Present in the Mundane

“Try to get me mama!” my four year old yells as he runs through the clean clothes piled all over the bedroom floor. Balled socks are his favorite, but he’s happy to avoid any projectile I throw into the sorting piles.

Making laundry into an obstacle course wasn’t a conscious decision, but it sure has made things more fun. It started simply. I was trying to get my son to help me sort. He used to love it. It was one of those things, early on, that helped him feel confident and capable. He was big. He could recognize which clothes belonged to which family member. But that was a couple of years ago. The novelty has long since worn off.

I would have been happy with him just staying in the same room and not knocking over the folded towels, maybe telling me a story or soliciting me to tell him one. But as I sat in the center of the mounds and threw a pair of sweatpants into one pile and a wash cloth into another, Cavanaugh started running through.

Sorting turns much more interesting with a wildly giggling child running through the towels, his clothes, my clothes, and the cloth napkins. It takes a little longer this way and it’s a lot noisier but sorting and putting away the clothes has somehow turned into quality time for us.

One of the things about being divorced is that there’s not another parent here to play with while the other one does the repetitive, time-consuming, and not so fun tasks. Finding a way that Cavanaugh and I can make a game of out the mundane household tasks means it doesn’t have to be work for either one of us.

Grocery shopping has gotten a lot more fun lately too. Since he’s still small enough to sit in the shopping cart, he’s at perfect eye level with me as we navigate the aisles. We play kissing games where he says, “Try to kiss me Mama!” then darts his head to the other side as I try to kiss him. If I manage to land a smooch on his cheeks, he wipes off my kiss and I say, “Oh man,” in utter disappointment. Hilarious.

Even helping him put on a shirt has turned into play. I look through the neck hole when I hold it up for him to put his head through. Why is this funny? He’d have to tell you. The thing all of these games have in common though is that we’re just being present with one another. We look into each other’s eyes. Crossing things off my to-do list has never been so much fun.

What’s your favorite or least favorite chore to try to get done when you’re with your kids? Why?

Author: Sonya Feher

Sonya Fehér is mama to Cavanaugh True. She is the leader of the S. Austin chapter of API and is a professional organizer with spaceWise Organizing where she helps individuals and families create space for how they want to live.

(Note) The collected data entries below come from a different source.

Lemma pgf_sub x y : pgf x - pgf y = (x - y) * pgf_slope x y.
Proof.
  unfold pgf, pgf_slope. rewrite <- minus_sum, scal_sum. apply sum_eq. intros j _.
  transitivity (c j * (x ^ j - y ^ j)); [ring|]. rewrite <- pow_ddiff_spec. ring.
Qed.

Lemma pgf_slope_ge0 x y : 0 <= x -> 0 <= y -> 0 <= pgf_slope x y.
Proof.
  intros Hx Hy. apply sum_f_R0_ge0. intros j Hj.
  pose proof (c_ge0 j Hj). pose proof (pow_ddiff_ge0 j x y Hx Hy). nra.
Qed.

Lemma pgf_slope_le x y x' y' :
  0 <= x' <= x -> 0 <= y' <= y -> pgf_slope x' y' <= pgf_slope x y.
Proof.
  intros Hx Hy. apply sum_Rle. intros j Hj.
  pose proof (c_ge0 j Hj). pose proof (pow_ddiff_le j x y x' y' Hx Hy). nra.
Qed.

Lemma pgf_slope_ge_term j x y : (j <= d)%nat -> 0 <= x -> 0 <= y ->
  c j * pow_ddiff j x y <= pgf_slope x y.
Proof.
  intros Hj Hx Hy. apply (sum_f_R0_ge_term (fun i => c i * pow_ddiff i x y)); [|exact Hj].
  intros i Hi. pose proof (c_ge0 i Hi). pose proof (pow_ddiff_ge0 i x y Hx Hy). nra.
Qed.

Lemma pgf_slope_diag y : 0 <= y <= 1 -> y ^ d * branching d c <= pgf_slope y y.
Proof.
  intros Hy. unfold branching, pgf_slope. rewrite scal_sum. apply sum_Rle. intros j Hj.
  pose proof (c_ge0 j Hj). destruct j as [|j]; [simpl; lra|].
  rewrite pow_ddiff_diag.
  pose proof (pow_le_pow_le1 y j d Hy ltac:(lia)). pose proof (pos_INR (S j)).
  assert (0 <= c (S j) * INR (S j)) by nra. nra.
Qed.

Lemma pgf_slope_gap j x y z : (S (S j) <= d)%nat -> 0 <= z <= y -> y <= x ->
  c (S (S j)) * y ^ j * (x - z) <= pgf_slope x y - pgf_slope y z.
Proof.
  intros Hj Hz Hy. unfold pgf_slope. rewrite <- minus_sum.
  pose proof (pow_ddiff_gap j x y z Hz Hy). pose proof (c_ge0 _ Hj).
  eapply Rle_trans;
    [|apply (sum_f_R0_ge_term (fun i => c i * pow_ddiff i x y - c i * pow_ddiff i y z)); eauto].
  - cbv beta. nra.
  - intros i Hi. pose proof (c_ge0 i Hi).
    pose proof (pow_ddiff_le i x y y z ltac:(lra) ltac:(lra)). nra.
Qed.
(* Let $\mathfrak g$ be of type $A_n$ and $J\subseteq I$. Then for $s\ge1$ $$\mathbf A_{s,J}=\bigl\{\{\alpha_{i_k,j_k}\}_{1\le k\le s}\in\mathbf A_s:\ i_k,j_k\notin J\text{ for all }k\bigr\}.$$ In particular $\#\mathbf A_{s,J}=\binom{n-\#J}{2s}+\binom{n-\#J}{2s-1}$ for $s\ge1$ and $\sum_{s\ge0}\#\mathbf A_{s,J}=2^{n-\#J}$.
   Context: Simple roots $\alpha_1,\dots,\alpha_n$ of $A_n$ numbered as in Bourbaki, $I=\{1,\dots,n\}$; $\alpha_{i,j}=\alpha_i+\dots+\alpha_j$ for $i\le j$, $\theta=\alpha_{1,n}$. For $\eta=\sum_i d_i(\eta)\alpha_i$, $R^+(J)=\{\alpha\in R^+:d_i(\alpha)=0\ \forall i\notin J\}$. A $J$-antichain is a subset $A\subseteq R^+$ with $A\cap R^+(J)=\emptyset$, distinct elements pairwise incomparable (order: $\lambda\le\mu$ iff $\mu-\lambda$ is a nonnegative integer combination of simple roots), and $\alpha-\alpha_j\notin R$ for $\alpha\in A$, $j\in J$. $\Phi(A)=\{\alpha\in R^+:\alpha\ge\beta$ for some $\beta\in A\}$; $A$ is abelian if $\beta_1+\beta_2\notin R$ for all $\beta_1,\beta_2\in\Phi(A)$. $\mathbf A_{s,J}$ is the set of abelian $J$-antichains with $s$ elements, $\mathbf A_{0,J}$ consists of the empty antichain, and $\mathbf A_s=\mathbf A_{s,\emptyset}$, which equals $\{\{\alpha_{i_k,j_k}\}_{1\le k\le s}: i_1<\dots<i_s\le j_1<\dots<j_s\}$. Convention: $\binom{m}{k}=0$ if $k>m$. *)

(* Root system of type A_n, n >= 1.
   Simple root alpha_{k+1} is indexed by k : 'I_n (0-based shift of Bourbaki numbering).
   An element eta = sum_i d_i(eta) alpha_i of the root lattice is represented by its
   coefficient vector {ffun 'I_n -> int}. A positive root alpha_{i,j} (i <= j) is
   represented by the pair (i,j) : 'I_n * 'I_n. *)
From HB Require Import structures.
From mathcomp Require Import all_boot all_order all_algebra.
Set Implicit Arguments. Unset Strict Implicit. Unset Printing Implicit Defensive.
Import Order.TTheory GRing.Theory Num.Theory intZmod.
Local Open Scope ring_scope.

Section A.
Variable n : nat.

Definition posroots : {set 'I_n * 'I_n} := [set p : 'I_n * 'I_n | (p.1 <= p.2)%N].

Definition rv (p : 'I_n * 'I_n) : {ffun 'I_n -> int} :=
  [ffun k : 'I_n => (((p.1 <= k) && (k <= p.2))%N)%:Z].

Definition simple (j : 'I_n) : {ffun 'I_n -> int} := [ffun k : 'I_n => ((k == j) : nat)%:Z].

Definition vadd (u v : {ffun 'I_n -> int}) : {ffun 'I_n -> int} := [ffun k : 'I_n => (u k + v k)%R].
Definition vsub (u v : {ffun 'I_n -> int}) : {ffun 'I_n -> int} := [ffun k : 'I_n => (u k - v k)%R].
Definition vopp (u : {ffun 'I_n -> int}) : {ffun 'I_n -> int} := [ffun k : 'I_n => (- u k)%R].

Definition isRoot (v : {ffun 'I_n -> int}) : bool :=
  [exists p in posroots, (v == rv p) || (v == vopp (rv p))].

Definition rle (lam mu : {ffun 'I_n -> int}) : bool :=
  [forall k : 'I_n, (0 <= mu k - lam k)%R].

Definition RplusJ (J : {set 'I_n}) : {set 'I_n * 'I_n} :=
  [set p in posroots | [forall i : 'I_n, (i \notin J) ==> (rv p i == 0%R)]].

Definition J_antichain (J : {set 'I_n}) (A : {set 'I_n * 'I_n}) : bool :=
  [&& A \subset posroots,
      [disjoint A & RplusJ J],
      [forall a in A, forall b in A, (a != b) ==> ~~ rle (rv a) (rv b)] &
      [forall a in A, forall j in J, ~~ isRoot (vsub (rv a) (simple j))]].

Definition Phi (A : {set 'I_n * 'I_n}) : {set 'I_n * 'I_n} :=
  [set p in posroots | [exists b in A, rle (rv b) (rv p)]].

Definition abelianA (A : {set 'I_n * 'I_n}) : bool :=
  [forall b1 in Phi A, forall b2 in Phi A, ~~ isRoot (vadd (rv b1) (rv b2))].

Definition AsJ (s : nat) (J : {set 'I_n}) : {set {set 'I_n * 'I_n}} :=
  [set A | [&& J_antichain J A, abelianA A & #|A| == s]].

Definition As (s : nat) : {set {set 'I_n * 'I_n}} := AsJ s set0.

End A.

From HB Require Import structures.
From mathcomp Require Import all_boot all_order all_algebra zify.
Set Implicit Arguments. Unset Strict Implicit. Unset Printing Implicit Defensive.
Import Order.TTheory GRing.Theory Num.Theory.

(* A positive root alpha_{i,j} is an interval [i, j] of simple roots.  Everything
   reduces to the combinatorics of intervals:
   - the order on roots is reverse inclusion of intervals (rle_rv);
   - alpha - alpha_j is a root iff j is an endpoint of a non-simple alpha
     (sub_first_root, sub_last_root, sub_inner_notroot), so the J-conditions say
     exactly that no endpoint lies in J (J_antichainE);
   - the sum of two positive roots is never a root when the intervals overlap and
     is a root when they are adjacent, so abelianity of Phi(A) means that every
     left endpoint is <= every right endpoint (abelianAE).
   Hence A_s is the set of "staircases": s pairwise non-nested intervals with all
   left ends <= all right ends, and A_{s,J} those whose endpoints avoid J (part 1).
   For counting, a staircase A is determined by its endpoint set E, which has 2s or
   2s-1 elements: listing E increasingly, A pairs the t-th point with the
   (t + #|E|/2)-th one (staircase_of_endpoints).  Conversely every subset of
   size 2s or 2s-1 arises (endpoints_staircase_of).  So A |-> E is a bijection
   onto such subsets of the complement of J (card_AsJ), and summing binomial
   coefficients over s gives 2^(n - #|J|). *)

Section RootsOfTypeA.
Variable n : nat.
Implicit Types (p q a b : 'I_n * 'I_n) (A : {set 'I_n * 'I_n}) (J : {set 'I_n}).

Lemma rvE p k : rv p k = Posz ((p.1 <= k <= p.2)%N : nat).
Proof. by rewrite ffunE. Qed.

Lemma rv_first p : p \in posroots n -> rv p p.1 = 1%R.
Proof. by rewrite inE => le_p; rewrite rvE leqnn le_p. Qed.

Lemma adjacent_sum p q : (p.1 <= p.2)%N -> p.2.+1 = q.1 -> (q.1 <= q.2)%N ->
  vadd (rv p) (rv q) = rv (p.1, q.2).
Proof.
move=> le_p pq le_q; apply/ffunP => k; rewrite !ffunE /=.
by case: (leqP p.1 k); case: (leqP k p.2); case: (leqP q.1 k); case: (leqP k q.2) => /=; lia.
Qed.

Lemma sub_first_root a : (a.1 < a.2)%N -> isRoot (vsub (rv a) (simple a.1)).
Proof.
move=> lt_a; have lt1 : (a.1.+1 < n)%N := leq_ltn_trans lt_a (ltn_ord a.2).
apply/existsP; exists (Ordinal lt1, a.2); rewrite inE /= lt_a /=; apply/orP; left.
apply/eqP/ffunP => k; rewrite !ffunE /= -val_eqE /=.
by case: eqP; case: (leqP a.1 k); case: (leqP k a.2); case: (leqP a.1.+1 k) => /=; lia.
Qed.

Lemma sub_last_root a : (a.1 < a.2)%N -> isRoot (vsub (rv a) (simple a.2)).
Proof.
move=> lt_a; have lt1 : (a.2.-1 < n)%N := leq_ltn_trans (leq_pred _) (ltn_ord a.2).
apply/existsP; exists (a.1, Ordinal lt1); rewrite inE /=; apply/andP; split; first lia.
apply/orP; left; apply/eqP/ffunP => k; rewrite !ffunE /= -val_eqE /=.
by case: eqP; case: (leqP a.1 k); case: (leqP k a.2); case: (leqP k a.2.-1) => /=; lia.
Qed.

(* Subtracting a simple root that is not an endpoint never gives a root: inside
   the interval it leaves a hole, outside it creates a coefficient -1. *)
Lemma sub_inner_notroot a (j : 'I_n) : (a.1 <= a.2)%N ->
  j != a.1 -> j != a.2 -> ~~ isRoot (vsub (rv a) (simple j)).
Proof.
move=> le_a ne1 ne2; apply/existsP => -[p /andP[_ /orP[] /eqP /ffunP e]].
- have e1 := e a.1; have e2 := e a.2; have ej := e j.
  rewrite !ffunE leqnn le_a eq_sym (negbTE ne1) /= subr0 in e1.
  rewrite !ffunE leqnn le_a eq_sym (negbTE ne2) /= subr0 in e2.
  rewrite !ffunE eqxx /= in ej.
  move: e1 e2 ej; case: (leqP p.1 a.1); case: (leqP a.1 p.2); case: (leqP p.1 a.2);
    case: (leqP a.2 p.2); case: (leqP a.1 j); case: (leqP j a.2);
    case: (leqP p.1 j); case: (leqP j p.2) => //=; lia.
- have e1 := e a.1; rewrite !ffunE leqnn le_a eq_sym (negbTE ne1) /= subr0 in e1.
  by move: e1; case: (_ && _).
Qed.

Lemma posroot_isRoot p : p \in posroots n -> isRoot (rv p).
Proof. by move=> pP; apply/existsP; exists p; rewrite pP eqxx. Qed.

(* Overlapping intervals sum to a vector with a coefficient 2, never a root. *)
Lemma overlap_sum_notroot a b (k : 'I_n) :
  (a.1 <= k <= a.2)%N -> (b.1 <= k <= b.2)%N -> ~~ isRoot (vadd (rv a) (rv b)).
Proof.
move=> ka kb; apply/existsP => -[p /andP[_ /orP[] /eqP /ffunP /(_ k)]];
  by rewrite !ffunE ka kb; case: (_ && _).
Qed.
(* Let $n \ge 2$ and let $Q(x) = x_1x_2 + x_3x_4 + \cdots + x_{2n-1}x_{2n}$ be the hyperbolic quadratic form on $V(2n,2)$. Let $\Pi$ and $\Sigma$ be two totally singular $n$-dimensional subspaces with $\Pi \cap \Sigma = 0$. If $Y$ is a singular point with $Y \not\subseteq \Pi$ and $Y \not\subseteq \Sigma$, then there is a unique $2$-dimensional subspace (line) $J$ containing $Y$ such that $J \cap \Pi \neq 0$ and $J \cap \Sigma \neq 0$; moreover this line $J$ is totally singular.
   Context: Points are $1$-dimensional subspaces, lines are $2$-dimensional subspaces. A point $\langle y\rangle$ is singular if $Q(y)=0$; a subspace is totally singular if all its points are singular. *)

From HB Require Import structures.
From mathcomp Require Import all_boot all_order all_algebra.
Set Implicit Arguments. Unset Strict Implicit. Unset Printing Implicit Defensive.
Import GRing.Theory.
Local Open Scope ring_scope.

(* The ambient space V(2n,2) = row vectors of length 2n over GF(2).
   Coordinates are indexed 0..2n-1, so x_{2i+1} x_{2i+2} (1-based) is
   x (2i) * x (2i+1) (0-based). *)
Notation V n := 'rV['F_2]_(n.*2).

Lemma pair_fst_proof n (i : 'I_n) : (i.*2 < n.*2)%N.
Proof. by rewrite ltn_double. Qed.

Lemma pair_snd_proof n (i : 'I_n) : (i.*2.+1 < n.*2)%N.
Proof. by rewrite -doubleS leq_double. Qed.

Definition pair_fst n (i : 'I_n) : 'I_(n.*2) := Ordinal (pair_fst_proof i).
Definition pair_snd n (i : 'I_n) : 'I_(n.*2) := Ordinal (pair_snd_proof i).

Definition hypQ n (x : V n) : 'F_2 :=
  \sum_(i < n) x 0 (pair_fst i) * x 0 (pair_snd i).

Definition totally_singular n (U : {vspace V n}) : Prop :=
  forall y, y \in U -> hypQ y = 0.

Definition singular_point n (Y : {vspace V n}) : Prop :=
  \dim Y = 1%N /\ totally_singular Y.

From HB Require Import structures.
From mathcomp Require Import all_boot all_order all_algebra.
Set Implicit Arguments. Unset Strict Implicit. Unset Printing Implicit Defensive.
Import GRing.Theory.
Local Open Scope ring_scope.

(* Since Pi and Sigma meet trivially and have complementary dimensions,
   V = Pi (+) Sigma, so y = p + s uniquely with p in Pi and s in Sigma, both
   nonzero because y lies in neither.  A line through y meeting Pi and Sigma is
   spanned by a point of each, and uniqueness of the decomposition of y forces
   it to be <p, s>.  Over GF(2) this line is {0, p, s, y}, all singular. *)

Lemma vline_of_dimv1 (K : fieldType) (vT : vectType K) (Y : {vspace vT}) :
  \dim Y = 1%N -> exists y, Y = <[y]>%VS.
Proof.
move=> dY; have Y0 : Y != 0%VS by rewrite -dimv_eq0 dY.
exists (vpick Y); apply/eqP.
by rewrite eq_sym eqEdim -memvE memv_pick dY dim_vline vpick0 Y0.
Qed.

Lemma capv_neq0 (K : fieldType) (vT : vectType K) (U V : {vspace vT}) u :
  u \in U -> u \in V -> u != 0 -> (U :&: V != 0)%VS.
Proof.
by move=> uU uV; apply: contraNneq => UV0; rewrite -memv0 -UV0 memv_cap uU.
Qed.

Section ComplementaryTransversal.

Variables (K : fieldType) (vT : vectType K) (P S : {vspace vT}).
Hypothesis PS0 : (P :&: S = 0)%VS.

Definition transversal_line (Y J : {vspace vT}) : Prop :=
  [/\ \dim J = 2%N, (Y <= J)%VS, (J :&: P)%VS != 0%VS & (J :&: S)%VS != 0%VS].

Lemma addv_eq_fullv : (\dim P + \dim S)%N = dim vT -> (P + S = fullv)%VS.
Proof.
move=> dPS; apply/eqP; rewrite eqEdim subvf dimvf.
by rewrite dimv_disjoint_sum // dPS andTb.
Qed.

Lemma dim_add_vline p s :
  p \in P -> s \in S -> p != 0 -> s != 0 -> \dim (<[p]> + <[s]>) = 2%N.
Proof.
move=> pP sS p0 s0; rewrite dimv_disjoint_sum ?dim_vline ?p0 ?s0 //.
by apply/eqP; rewrite -subv0 -PS0 capvS // -memvE.
Qed.

Lemma transversal_line_add y p s :
  p \in P -> s \in S -> y = p + s -> p != 0 -> s != 0 ->
  transversal_line <[y]> (<[p]> + <[s]>).
Proof.
move=> pP sS -> p0 s0; split; first exact: dim_add_vline.
- by rewrite -memvE memv_add ?memv_line.
- by apply: (capv_neq0 _ pP p0); rewrite memvE addvSl.
- by apply: (capv_neq0 _ sS s0); rewrite memvE addvSr.
Qed.

Lemma transversal_line_uniq y p s J :
  p \in P -> s \in S -> y = p + s -> p != 0 -> s != 0 ->
  transversal_line <[y]> J -> J = (<[p]> + <[s]>)%VS.
Proof.
move=> pP sS ey p0 s0 [dJ yJ JP JS].
have /memv_capP[p'J p'P] := memv_pick (J :&: P).
have /memv_capP[s'J s'S] := memv_pick (J :&: S).
set p' := vpick _ in p'J p'P; set s' := vpick _ in s'J s'S.
have eJ : J = (<[p']> + <[s']>)%VS.
  apply/eqP; rewrite eq_sym eqEdim subv_add -!memvE p'J s'J dJ.
  by rewrite dim_add_vline ?vpick0.
have : y \in J by rewrite memvE.
rewrite {1}eJ => /memv_addP[_ /vlineP[a ->] [_ /vlineP[b ->] ey']].
have /directv_add_unique dxPS : directv (P + S) by apply/directv_addP.
have /eqP : p + s = a *: p' + b *: s' by rewrite -ey.
rewrite dxPS ?rpredZ // => /eqP[ep es].
have pJ : p \in J by rewrite ep rpredZ.
have sJ : s \in J by rewrite es rpredZ.
by apply/eqP; rewrite eq_sym eqEdim subv_add -!memvE pJ sJ dJ dim_add_vline.
Qed.

End ComplementaryTransversal.

Lemma F2P (a : 'F_2) : a = 0 \/ a = 1.
Proof. by case: a => -[|[|//]] i; [left | right]; apply: val_inj. Qed.

Lemma memv_add_vline_F2 (vT : vectType 'F_2) (u v z : vT) :
  z \in (<[u]> + <[v]>)%VS -> z \in [:: 0; u; v; u + v].
Proof.
case/memv_addP => _ /vlineP[a ->] [_ /vlineP[b ->] ->].
by case: (F2P a) (F2P b) => -> [] ->;
  rewrite ?scale0r ?scale1r ?addr0 ?add0r !inE eqxx ?orbT.
Qed.

Lemma hypQ0 n : hypQ (0 : V n) = 0.
Proof. by rewrite /hypQ big1 // => i _; rewrite mxE mul0r. Qed.

Lemma totally_singular_add_vline n (u v : V n) :
  hypQ u = 0 -> hypQ v = 0 -> hypQ (u + v) = 0 ->
  totally_singular (<[u]> + <[v]>)%VS.
Proof.
move=> Qu Qv Quv z /memv_add_vline_F2; rewrite !inE => /or4P[] /eqP-> //.
exact: hypQ0.
Qed.

Theorem mainTheorem3 (n : nat) (hn : (2 <= n)%N)
    (Pi Sigma Y : {vspace 'rV['F_2]_(n.*2)}) :
  \dim Pi = n -> totally_singular Pi ->
  \dim Sigma = n -> totally_singular Sigma ->
  (Pi :&: Sigma)%VS = 0%VS ->
  singular_point Y -> ~~ (Y <= Pi)%VS -> ~~ (Y <= Sigma)%VS ->
  exists J : {vspace 'rV['F_2]_(n.*2)},
    [/\ \dim J = 2%N, (Y <= J)%VS, (J :&: Pi)%VS != 0%VS & (J :&: Sigma)%VS != 0%VS] /\
    (forall J' : {vspace 'rV['F_2]_(n.*2)},
       \dim J' = 2%N -> (Y <= J')%VS -> (J' :&: Pi)%VS != 0%VS ->
       (J' :&: Sigma)%VS != 0%VS -> J' = J) /\
    totally_singular J.
Proof.
move=> dP tsP dS tsS PS0 [dY tsY] YP YS.
have [y eY] := vline_of_dimv1 dY; subst Y.
have : y \in (Pi + Sigma)%VS.
  by rewrite addv_eq_fullv ?memvf // dP dS addnn /dim /= mul1n.
case/memv_addP => p pP [s sS ey].
have p0 : p != 0 by apply: contraNneq YS => p0; rewrite -memvE ey p0 add0r.
have s0 : s != 0 by apply: contraNneq YP => s0; rewrite -memvE ey s0 addr0.
exists (<[p]> + <[s]>)%VS; split; [exact: transversal_line_add | split].
- by move=> J dJ yJ JP JS; apply: (transversal_line_uniq PS0 pP sS ey).
- apply: totally_singular_add_vline; [exact: tsP | exact: tsS |].
  by rewrite -ey; apply/tsY/memv_line.
Qed.
(* Let $\mathscr{H}$ be a complex Hilbert space and let $N(\cdot)$ be a norm on $\mathbb{B}(\mathscr{H})$ which is an algebra norm ($N(XY)\leq N(X)N(Y)$ for all $X,Y$) and self-adjoint ($N(X^* )=N(X)$ for all $X$). Then for all $B,C\in\mathbb{B}(\mathscr{H})$, $$\frac18N(C^*C+B^*B)+\frac12\max\{w_N(B+C),w_N(B-C)\}\,|w_N(B)-w_N(C)|\leq w_{(N,e)}^2(B,C).$$
   Context: For $T\in\mathbb{B}(\mathscr{H})$: $\Re(T)=\frac12(T+T^* )$ and $w_N(T)=\sup_{\theta\in\mathbb{R}}N(\Re(e^{i\theta}T))$. For $B,C\in\mathbb{B}(\mathscr{H})$, $w_{(N,e)}(B,C)=\sup_{\lambda_1,\lambda_2\in\mathbb{C},\ |\lambda_1|^2+|\lambda_2|^2\leq 1}\sup_{\theta\in\mathbb{R}} N(\Re(e^{i\theta}(\lambda_1B+\lambda_2C)))$. *)

From HB Require Import structures.
From mathcomp Require Import all_boot all_order all_algebra.
From mathcomp Require Import boolp classical_sets reals trigo.
From mathcomp Require Import complex.
From Stdlib Require Import ClassicalEpsilon.

Set Implicit Arguments. Unset Strict Implicit. Unset Printing Implicit Defensive.
Import Order.TTheory GRing.Theory Num.Theory.
Local Open Scope ring_scope.

Section Hilbert.
Variables (R : realType) (H : lmodType R[i]) (ip : H -> H -> R[i]).

Definition hnorm (x : H) : R := Num.sqrt (complex.Re (ip x x)).

Record is_hilbert : Prop := IsHilbert {
  ip_linear : forall (a : R[i]) (x y z : H), ip (a *: x + y) z = a * ip x z + ip y z;
  ip_conj : forall x y : H, ip y x = conjc (ip x y);
  ip_ge0 : forall x : H, 0 <= ip x x;
  ip_eq0 : forall x : H, ip x x = 0 -> x = 0;
  ip_complete : forall u : nat -> H,
     (forall e : R, 0 < e -> exists n0 : nat, forall m n, (n0 <= m)%N -> (n0 <= n)%N ->
        hnorm (u m - u n) < e) ->
     exists l : H, forall e : R, 0 < e -> exists n0 : nat, forall n, (n0 <= n)%N ->
        hnorm (u n - l) < e }.

Definition bounded_op (T : H -> H) : Prop :=
  (forall (a : R[i]) (x y : H), T (a *: x + y) = a *: T x + T y) /\
  exists M : R, forall x : H, hnorm (T x) <= M * hnorm x.

Definition adj (T : H -> H) : H -> H :=
  epsilon (inhabits id) (fun S : H -> H => forall x y : H, ip (T x) y = ip x (S y)).

Definition opadd (S T : H -> H) : H -> H := fun x => S x + T x.
Definition opsub (S T : H -> H) : H -> H := fun x => S x - T x.
Definition opscale (a : R[i]) (T : H -> H) : H -> H := fun x => a *: T x.
Definition opmul (S T : H -> H) : H -> H := fun x => S (T x).

Definition ReOp (T : H -> H) : H -> H := opscale (2^-1) (opadd T (adj T)).

Definition expi (t : R) : R[i] := (cos t +i* sin t)%C.

Record is_sa_algebra_norm (N : (H -> H) -> R) : Prop := IsSANorm {
  N_ge0 : forall X, bounded_op X -> 0 <= N X;
  N_eq0 : forall X, bounded_op X -> N X = 0 -> X = (fun _ => 0);
  N_scale : forall a X, bounded_op X -> N (opscale a X) = ComplexField.Normc.normc a * N X;
  N_triangle : forall X Y, bounded_op X -> bounded_op Y -> N (opadd X Y) <= N X + N Y;
  N_mul : forall X Y, bounded_op X -> bounded_op Y -> N (opmul X Y) <= N X * N Y;
  N_adj : forall X, bounded_op X -> N (adj X) = N X }.

Definition wN (N : (H -> H) -> R) (T : H -> H) : R :=
  sup [set y : R | exists t : R, y = N (ReOp (opscale (expi t) T))].

Definition wNe (N : (H -> H) -> R) (B C : H -> H) : R :=
  sup [set y : R | exists (l1 l2 : R[i]) (t : R),
         ComplexField.Normc.normc l1 ^+ 2 + ComplexField.Normc.normc l2 ^+ 2 <= 1 /\
         y = N (ReOp (opscale (expi t) (opadd (opscale l1 B) (opscale l2 C))))].

End Hilbert.

From Pilot Require Import Defs.
From mathcomp Require Import all_boot all_order all_algebra.
From mathcomp Require Import boolp classical_sets reals trigo complex.
From mathcomp Require Import ring lra.
From Stdlib Require Import ClassicalEpsilon.
Set Implicit Arguments. Unset Strict Implicit. Unset Printing Implicit Defensive.
Import Order.TTheory GRing.Theory Num.Theory.
Local Open Scope ring_scope.
Local Open Scope classical_set_scope.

8 thoughts on “Present in the Mundane”

  1. Lol at “I would have been happy with him just staying in the same room and not knocking over the folded towels.” Sounds like my life.

    My son recently turned three, and that means that most things still take longer when I have his ‘help’. The ones I am enjoying more with him are
    1) sorting laundry (which mostly involves dumping dirty clothes on his head)
    2) grocery shopping (lots of opportunity to talk or not talk, with him happily contained in the grocery cart)
    3) making snacks, like brownies or pudding. My little guy is a big fan of the dump ‘n stir recipes.
    Other things that are fun, but not really chores, are library visits and building train tracks.

    Least favourite? Definitely anything involving the computer. He has his own agenda for my attention, not to mention the use of the mouse and keyboard… 😉

    1. I parallel your enjoyments. My fave is shopping (after having the cart war now that she wants to walk around the store). My partner’s is cooking and baking together, especially pancakes and waffles. 3 year olds are great fun.

  2. Cute! I’m home alone the majority of the days/evenings with my 15 month old daughter. We love to do all those little things to – although for right now it still is a novelty to her.

    What a great reminder to live in the present.

  3. Because all of our cleaning supplies are vinegar, water, and baking soda, my daughter takes a very active role. She will ask me out of the blue if she can clean something, and she goes under the sink and gets out the spray bottle and a cloth and cleans the front of the cabinets, the dishwasher, the fridge…she longs for the day when she is bigger and she can take it to the next level and clean the windows (I won’t let her do those by herself yet as I like to get them a little more streak-free than her 2 1/2 year old fine motor will let her).

    1. Our daughter has just in the past two weeks found a love of washing dishes. This is bittersweet. Sweet because of the obvious interest in doing a task not noticed before and in helping the family. Bitter because we don’t use plastic anything and floors are tile, and I worry about her fine motor skills in keeping the glass from sliding off the counter in her excitement. Any thoughts?